The Australian-listed firm has been given a two month deadline by its banks to deliver a repayment plan as it faces debt of A$741m.
Shares in the personal injury company closed at AU$0.58 on the ASX, dropping 30% in reaction to its half year results and subsequent announcements.
S&G managing director Andrew Grech said: ‘Clearly today’s results are very disappointing. In particular the decline in business performance in the UK is of serious concern to all at S&G and will equally be of concern to our investors. We will therefore be taking a number of necessary and significant steps to improve the operational performance of both the UK performance and the broader S&G group.’
Last month S&G, which makes about 45% of its revenue in the UK, confirmed it was consulting on the closure of two its UK offices, which would affect 51 staff.
The company reported that in the UK while general law revenue was in line with expectations, personal injury law revenue was ‘materially weaker than expected’, and S&G said a new practice and case management system caused a loss of productivity in the first half.

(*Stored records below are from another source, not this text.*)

Fixpoint vars {t} (f : form t) : list var :=
  match f with
  | FBot | FTop => []
  | FAtom _ zs => zs
  | FEq x y => [x; y]
  | FNeg g => vars g
  | FAnd g h => vars g ++ vars h
  | FEx x g => x :: vars g
  | FExGe _ x g => x :: vars g
  end.

Fixpoint wf {t} (f : form t) : Prop :=
  match f with
  | FBot | FTop | FEq _ _ => True
  | FAtom R zs => length zs = arity t R
  | FNeg g => wf g
  | FAnd g h => wf g /\ wf h
  | FEx _ g => wf g
  | FExGe _ _ g => wf g
  end.

Fixpoint cnt_pos {t} (f : form t) : Prop :=
  match f with
  | FBot | FTop | FEq _ _ | FAtom _ _ => True
  | FNeg g => cnt_pos g
  | FAnd g h => cnt_pos g /\ cnt_pos h
  | FEx _ g => cnt_pos g
  | FExGe k _ g => 0 < k /\ cnt_pos g
  end.

Definition sentence {t} (f : form t) : Prop := fv f = [].

(** Structures. Relations are interpreted on argument lists (only lists of
    length [arity R] are ever queried by well-formed formulas). *)
Record structure (t : vocab) := Structure {
  dom : Type;
  rel : sym t -> list dom -> Prop
}.

Definition upd {D : Type} (s : var -> D) (x : var) (d : D) : var -> D :=
  fun y => if Nat.eqb y x then d else s y.

Fixpoint sat {t} (M : structure t) (s : var -> dom M) (f : form t) : Prop :=
  match f with
  | FBot => False
  | FTop => True
  | FAtom R zs => rel M R (map s zs)
  | FEq x y => s x = s y
  | FNeg g => ~ sat M s g
  | FAnd g h => sat M s g /\ sat M s h
  | FEx x g => exists d : dom M, sat M (upd s x d) g
  | FExGe k x g =>
      exists l : list (dom M),
        NoDup l /\ length l = k /\ forall d, In d l -> sat M (upd s x d) g
  end.

(** Logical equivalence (over all structures; assignments are quantified,
    so structures with empty domain play no role). *)
Definition equivalent {t} (f g : form t) : Prop :=
  forall (M : structure t) (s : var -> dom M), sat M s f <-> sat M s g.

Definition fragment := forall t : vocab, form t -> Prop.

Definition frag_le (L L' : fragment) : Prop :=
  forall (t : vocab) (f : form t), L t f -> sentence f ->
    exists g : form t, L' t g /\ sentence g /\ equivalent f g.

Definition FOC2 : fragment := fun t f =>
  wf f /\ cnt_pos f /\
  exists x y : var, forall z, In z (vars f) -> z = x \/ z = y.

Fixpoint exs {t} (xs : list var) (f : form t) : form t :=
  match xs with
  | [] => f
  | x :: xs' => FEx x (exs xs' f)
  end.

Inductive boolcomb {t} (S : list (form t)) : form t -> Prop :=
| bc_leaf : forall f, In f S -> boolcomb S f
| bc_neg : forall f, boolcomb S f -> boolcomb S (FNeg f)
| bc_and : forall f g, boolcomb S f -> boolcomb S g -> boolcomb S (FAnd f g).

Definition unary_rel_atom {t} (f : form t) : Prop :=
  exists R zs z, f = FAtom R zs /\ length zs = arity t R /\
                 (forall w, In w zs <-> w = z).

Definition uniform_atom {t} (V : list var) (f : form t) : Prop :=
  exists R zs, f = FAtom R zs /\ length zs = arity t R /\
               (forall w, In w zs <-> In w V).

Unset Implicit Arguments.
Inductive UF1 (t : vocab) : form t -> Prop :=
| UF1_unary : forall f, unary_rel_atom f -> UF1 t f
| UF1_bot : UF1 t FBot
| UF1_top : UF1 t FTop
| UF1_eq : forall x y, UF1 t (FEq x y)
| UF1_neg : forall f, UF1 t f -> UF1 t (FNeg f)
| UF1_and : forall f g, UF1 t f -> UF1 t g -> UF1 t (FAnd f g)
| UF1_ex : forall (x0 : var) (xs : list var) (U F : list (form t))
                  (V : list var) (phi : form t),
    NoDup (x0 :: xs) ->
    (forall u, In u U -> UF1 t u) ->
    (forall u, In u U -> incl (fv u) (x0 :: xs)) ->
    incl V (x0 :: xs) ->
    (forall a, In a F -> uniform_atom V a) ->
    boolcomb (U ++ F) phi ->
    UF1 t (exs xs phi)
| UF1_ex0 : forall (x0 : var) (xs : list var) (U F : list (form t))
                   (V : list var) (phi : form t),
    NoDup (x0 :: xs) ->
    (forall u, In u U -> UF1 t u) ->
    (forall u, In u U -> incl (fv u) (x0 :: xs)) ->
    incl V (x0 :: xs) ->
    (forall a, In a F -> uniform_atom V a) ->
    boolcomb (U ++ F) phi ->
    UF1 t (FEx x0 (exs xs phi)).

Definition UF1_frag : fragment := UF1.
Set Implicit Arguments.

(* A sentence of FOC^2 only ever evaluates relational atoms on argument lists with at most
   two distinct values, so it cannot tell the ternary relation "three distinct arguments"
   from the empty relation, while the UF_1^= sentence  exists x y z. R(x, y, z)  can.

   Conversely, UF_1^= cannot tell a disjoint union of infinitely many edges from a disjoint
   union of infinitely many triangles, which the FOC^2 sentence "every vertex has at least
   two neighbours" separates.  By induction on UF_1^= formulas, their truth depends only on
   the equality type of the assignment to the free variables: the atoms in a uniform block
   of quantifiers mention at most two variables, so its witnesses can be transported along
   an injection of vertices that fixes the single free variable of the block and preserves
   the one adjacency those atoms can see, and such injections exist in both structures. *)

From Stdlib Require Import List Arith Lia Classical FunctionalExtensionality.
Import ListNotations.

Lemma not_frag_le_of_separating (L L' : fragment) (t : vocab) (f : form t)
    (M1 M2 : structure t) (s1 : var -> dom M1) (s2 : var -> dom M2) :
  L t f -> sentence f -> sat M1 s1 f -> ~ sat M2 s2 f ->
  (forall g, L' t g -> sentence g -> (sat M1 s1 g <-> sat M2 s2 g)) ->
  ~ frag_le L L'.
Proof.
  intros Lf sent_f sat1 unsat2 agree le.
  destruct (le t f Lf sent_f) as (g & L'g & sent_g & equiv_fg).
  apply unsat2, equiv_fg, agree, equiv_fg; assumption.
Qed.

Lemma sat_exs (t : vocab) (M : structure t) (xs : list var) (phi : form t) (s : var -> dom M) :
  sat M s (exs xs phi) <->
  exists s', (forall y, ~ In y xs -> s' y = s y) /\ sat M s' phi.
Proof.
  revert s; induction xs as [|x xs IH]; intros s; simpl.
  - split; [intros H; exists s; auto | intros (s' & agree & H)].
    replace s with s'; auto. apply functional_extensionality; intros y; apply agree; auto.
  - split.
    + intros (d & (s' & agree & H)%IH). exists s'; split; auto.
      intros y y_out. rewrite agree by tauto. unfold upd.
      destruct (Nat.eqb_spec y x); [subst; tauto | reflexivity].
    + intros (s' & agree & H). exists (s' x). apply IH. exists s'; split; auto.
      intros y y_out. unfold upd. destruct (Nat.eqb_spec y x); [now subst |].
      apply agree. simpl; intros [-> | ?]; tauto.
Qed.

Lemma boolcomb_sat_iff (t : vocab) (M1 M2 : structure t) (s1 : var -> dom M1)
    (s2 : var -> dom M2) (S : list (form t)) (phi : form t) :
  boolcomb S phi -> (forall f, In f S -> (sat M1 s1 f <-> sat M2 s2 f)) ->
  (sat M1 s1 phi <-> sat M2 s2 phi).
Proof. intros bc S_agree; induction bc; simpl; auto; tauto. Qed.

Definition eq_pattern (L : list var) (s s' : var -> nat) : Prop :=
  forall x y, In x L -> In y L -> (s x = s y <-> s' x = s' y).

Lemma eq_pattern_incl L1 L2 s s' : incl L1 L2 -> eq_pattern L2 s s' -> eq_pattern L1 s s'.
Proof. intros sub pat x y Hx Hy; apply pat; auto. Qed.

Lemma eq_pattern_sym L s s' : eq_pattern L s s' -> eq_pattern L s' s.
Proof. intros pat x y Hx Hy; symmetry; apply pat; auto. Qed.

Lemma sat_two_vars_agree (t : vocab) (D : Type) (r1 r2 : sym t -> list D -> Prop)
    (x y : var) :
  (forall R (d e : D) l, (forall a, In a l -> a = d \/ a = e) -> (r1 R l <-> r2 R l)) ->
  forall f : form t, (forall z, In z (vars f) -> z = x \/ z = y) ->
  forall s, sat (Structure t r1) s f <-> sat (Structure t r2) s f.
Proof.
  intros agree f; induction f as [| |R zs|z z'|f IHf|f IHf g IHg|z f IHf|k z f IHf];
    intros two_vars s; simpl in *; try tauto.
  - apply (agree R (s x) (s y)). intros a [z [<- Hz]]%in_map_iff.
    destruct (two_vars z Hz) as [-> | ->]; auto.
  - rewrite IHf; tauto.
  - rewrite IHf, IHg; [tauto| |]; intros z Hz; apply two_vars, in_or_app; auto.
  - split; intros [d Hd]; exists d; apply IHf; auto.
  - split; intros (l & nodup & len & Hl); exists l; repeat split; auto;
      intros d Hd; apply IHf; auto.
Qed.

Definition voc3 : vocab :=
  {| sym := unit; arity := fun _ => 3; arity_pos := fun _ => Nat.lt_0_succ 2 |}.

Definition three_distinct (l : list nat) : Prop :=
  exists a b c, In a l /\ In b l /\ In c l /\ a <> b /\ b <> c /\ a <> c.

Definition distinct_triples : structure voc3 := Structure voc3 (fun _ => three_distinct).

Definition no_triples : structure voc3 := Structure voc3 (fun _ (_ : list nat) => False).

Definition some_distinct_triple : form voc3 :=
  FEx 0 (exs [1; 2] (FAtom (tt : sym voc3) [0; 1; 2])).

Lemma some_distinct_triple_UF1 : UF1 voc3 some_distinct_triple.
Proof.
  apply (UF1_ex0 voc3 0 [1; 2] [] [FAtom (tt : sym voc3) [0; 1; 2]] [0; 1; 2]).
  - repeat constructor; simpl; lia.
  - contradiction.
  - contradiction.
  - apply incl_refl.
  - intros a [<- | []]. exists tt, [0; 1; 2]. repeat split; auto.
  - apply bc_leaf; simpl; auto.
Qed.

Lemma not_UF1_le_FOC2 : ~ frag_le UF1_frag FOC2.
Proof.
  apply (not_frag_le_of_separating UF1_frag FOC2 voc3 some_distinct_triple
           distinct_triples no_triples (fun _ => 0) (fun _ => 0)).
  - exact some_distinct_triple_UF1.
  - reflexivity.
  - exists 0, 1, 2. exists 0, 1, 2. cbn. intuition lia.
  - intros (a & b & c & []).
  - intros g (_ & _ & x & y & two_vars) _.
    apply (sat_two_vars_agree voc3 nat _ _ x y); [|exact two_vars].
    intros R d e l dual; simpl; split; [|contradiction].
    intros (a & b & c & Ha & Hb & Hc & ab & bc & ac).
    destruct (dual a Ha), (dual b Hb), (dual c Hc); congruence.
Qed.

Definition voc2 : vocab :=
  {| sym := unit; arity := fun _ => 2; arity_pos := fun _ => Nat.lt_0_succ 1 |}.

Definition adj (c m n : nat) : Prop := m <> n /\ m / c = n / c.

(* The disjoint union of countably many c-cliques: vertex n lies in clique n / c. *)
Definition cliques (c : nat) : structure voc2 :=
  Structure voc2 (fun _ l => match l with [m; n] => adj c m n | _ => False end).

Lemma adj_sym c m n : adj c m n -> adj c n m.
Proof. intros [ne same]; split; congruence. Qed.

Lemma adj_irrefl c m : ~ adj c m m.
Proof. intros [ne _]; exact (ne eq_refl). Qed.

Lemma div_mul_add_small c k i : i < c -> (c * k + i) / c = k.
Proof. intros i_lt. symmetry; apply (Nat.div_unique _ _ _ i); lia. Qed.

Definition neighbour (c b : nat) : nat := if b mod c =? 0 then b + 1 else b - 1.

Lemma adj_neighbour c b : 2 <= c -> adj c b (neighbour c b).
Proof.
  intros two_le_c.
  pose proof (Nat.div_mod_eq b c) as b_eq.
  pose proof (Nat.mod_upper_bound b c ltac:(lia)) as r_lt.
  unfold neighbour; destruct (Nat.eqb_spec (b mod c) 0) as [r0 | r_pos]; split; try lia.
  - replace (b + 1) with (c * (b / c) + 1) by lia. rewrite div_mul_add_small; lia.
  - replace (b - 1) with (c * (b / c) + (b mod c - 1)) by lia. rewrite div_mul_add_small; lia.
Qed.

Lemma cliques_realize_pair c (e : Prop) (a0 ap aq b0 : nat) :
  2 <= c -> (e -> ap <> aq) ->
  exists bp bq, (a0 = ap <-> b0 = bp) /\ (a0 = aq <-> b0 = bq) /\ (ap = aq <-> bp = bq) /\
                (e <-> adj c bp bq).
Proof.
  intros two_le_c e_distinct.
  set (nb := neighbour c b0).
  set (F := c * (b0 / c + 1)).
  assert (adj_nb : adj c b0 nb) by apply (adj_neighbour c b0 two_le_c).
  assert (adj_nb' : adj c nb b0) by now apply adj_sym.
  assert (nb_ne : b0 <> nb) by apply adj_nb.
  assert (block_F : F / c = b0 / c + 1) by (rewrite <- (Nat.add_0_r F); apply div_mul_add_small; lia).
  assert (block_F1 : (F + 1) / c = b0 / c + 1) by (apply div_mul_add_small; lia).
  assert (block_Fc : (F + c) / c = b0 / c + 2)
    by (replace (F + c) with (c * (b0 / c + 2) + 0) by lia; apply div_mul_add_small; lia).
  assert (F_ne : b0 <> F) by (intros E; rewrite <- E in block_F; lia).
  assert (F1_ne : b0 <> F + 1) by (intros E; rewrite <- E in block_F1; lia).
  assert (Fc_ne : b0 <> F + c) by (intros E; rewrite <- E in block_Fc; lia).
  assert (adj_F : adj c F (F + 1)) by (split; lia).
  assert (nadj_b0F : ~ adj c b0 F) by (intros [_ E]; lia).
  assert (nadj_Fb0 : ~ adj c F b0) by (intros [_ E]; lia).
  assert (nadj_FFc : ~ adj c F (F + c)) by (intros [_ E]; lia).
  pose proof (adj_irrefl c b0) as nadj_b0. pose proof (adj_irrefl c F) as nadj_F.
  clearbody nb F.
  (* Each equality type of (a0, ap, aq) compatible with e is realized by one of these pairs. *)
  destruct (classic e) as [He | He]; [specialize (e_distinct He) |];
  destruct (Nat.eq_dec a0 ap), (Nat.eq_dec a0 aq), (Nat.eq_dec ap aq);
  let realize bp bq :=
    exists bp, bq; split; [lia | split; [lia | split; [lia | tauto]]] in
  first [ realize b0 nb | realize nb b0 | realize F (F + 1) | realize b0 b0
        | realize F F | realize b0 F | realize F b0 | realize F (F + c) ].
Qed.

Lemma triple_extends_to_injection (a0 ap aq b0 bp bq : nat) :
  (a0 = ap <-> b0 = bp) -> (a0 = aq <-> b0 = bq) -> (ap = aq <-> bp = bq) ->
  exists g : nat -> nat,
    (forall n m, g n = g m -> n = m) /\ g a0 = b0 /\ g ap = bp /\ g aq = bq.
Proof.
  intros same_0p same_0q same_pq.
  set (N := S (b0 + bp + bq)).
  set (g n := if n =? a0 then b0 else if n =? ap then bp else if n =? aq then bq else N + n).
  assert (g0 : g a0 = b0) by (unfold g; now rewrite Nat.eqb_refl).
  assert (gp : g ap = bp).
  { unfold g; destruct (Nat.eqb_spec ap a0);
      [apply same_0p; congruence | now rewrite Nat.eqb_refl]. }
  assert (gq : g aq = bq).
  { unfold g; destruct (Nat.eqb_spec aq a0); [apply same_0q; congruence |].
    destruct (Nat.eqb_spec aq ap); [apply same_pq; congruence | now rewrite Nat.eqb_refl]. }
  assert (g_out : forall n, ~ In n [a0; ap; aq] -> g n = N + n).
  { intros n n_out; unfold g; simpl in n_out.
    repeat match goal with |- context [n =? ?y] =>
      destruct (Nat.eqb_spec n y) as [-> | _]; [exfalso; auto |] end.
    reflexivity. }
  assert (g_in : forall n, In n [a0; ap; aq] -> g n < N).
  { intros n [<- | [<- | [<- | []]]]; rewrite ?g0, ?gp, ?gq; unfold N; lia. }
  exists g; repeat split; auto.
  intros n m gnm.
  destruct (in_dec Nat.eq_dec n [a0; ap; aq]) as [n_in | n_out],
    (in_dec Nat.eq_dec m [a0; ap; aq]) as [m_in | m_out].
  - destruct n_in as [<- | [<- | [<- | []]]], m_in as [<- | [<- | [<- | []]]];
      rewrite ?g0, ?gp, ?gq in gnm;
      first [ reflexivity | apply same_0p | apply same_0q | apply same_pq
            | symmetry; first [apply same_0p | apply same_0q | apply same_pq] ];
      congruence.
  - pose proof (g_in n n_in); rewrite (g_out m m_out) in gnm; lia.
  - pose proof (g_in m m_in); rewrite (g_out n n_out) in gnm; lia.
  - rewrite (g_out n n_out), (g_out m m_out) in gnm; lia.
Qed.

The profits were significantly affected by a non-cash impairment charge of A$876.4m against goodwill, mostly due to a A$814.2m impairment in goodwill for its Slater Gordon Solutions unit, previously known as Quindell. The firm said the potential impact of the government’s planned changes which would limit personal injury claims, was a significant factor in the goodwill impairment.
It has been a turbulent year for the firm, which last week asked trading in its shares to be halted while it worked with auditors and advisers to finalise earnings.
In February the firm’s UK chief, Neil Kinsella, announced his retirement as UK head of general law, with Siri Siriwardene replacing him. The announcement coincided with media reports that S&G was in talks over debt restructuring and brought in FTI Consulting in a bid to address its financial health.
In the same month the company’s lenders appointed their own investigative accountants to look at the firm’s books. Red flags were raised after the firm withdrew earnings guidance late last year prompting rival firm Maurice Blackburn to open registrations to shareholders wanting to pursue a class action.
After S&G’s £637m purchase of insurance claims handler Quindell’s professional services division (PSD) in May last year, it was announced the Serious Fraud Office was investigating Quindell’s ‘business and accounting practices’ as the company published revised annual accounts for 2014 showing a £312m swing from profit to loss in its PSD. The change saw what was logged as a £175m pre-tax profit for the PSD corrected to a £137m loss.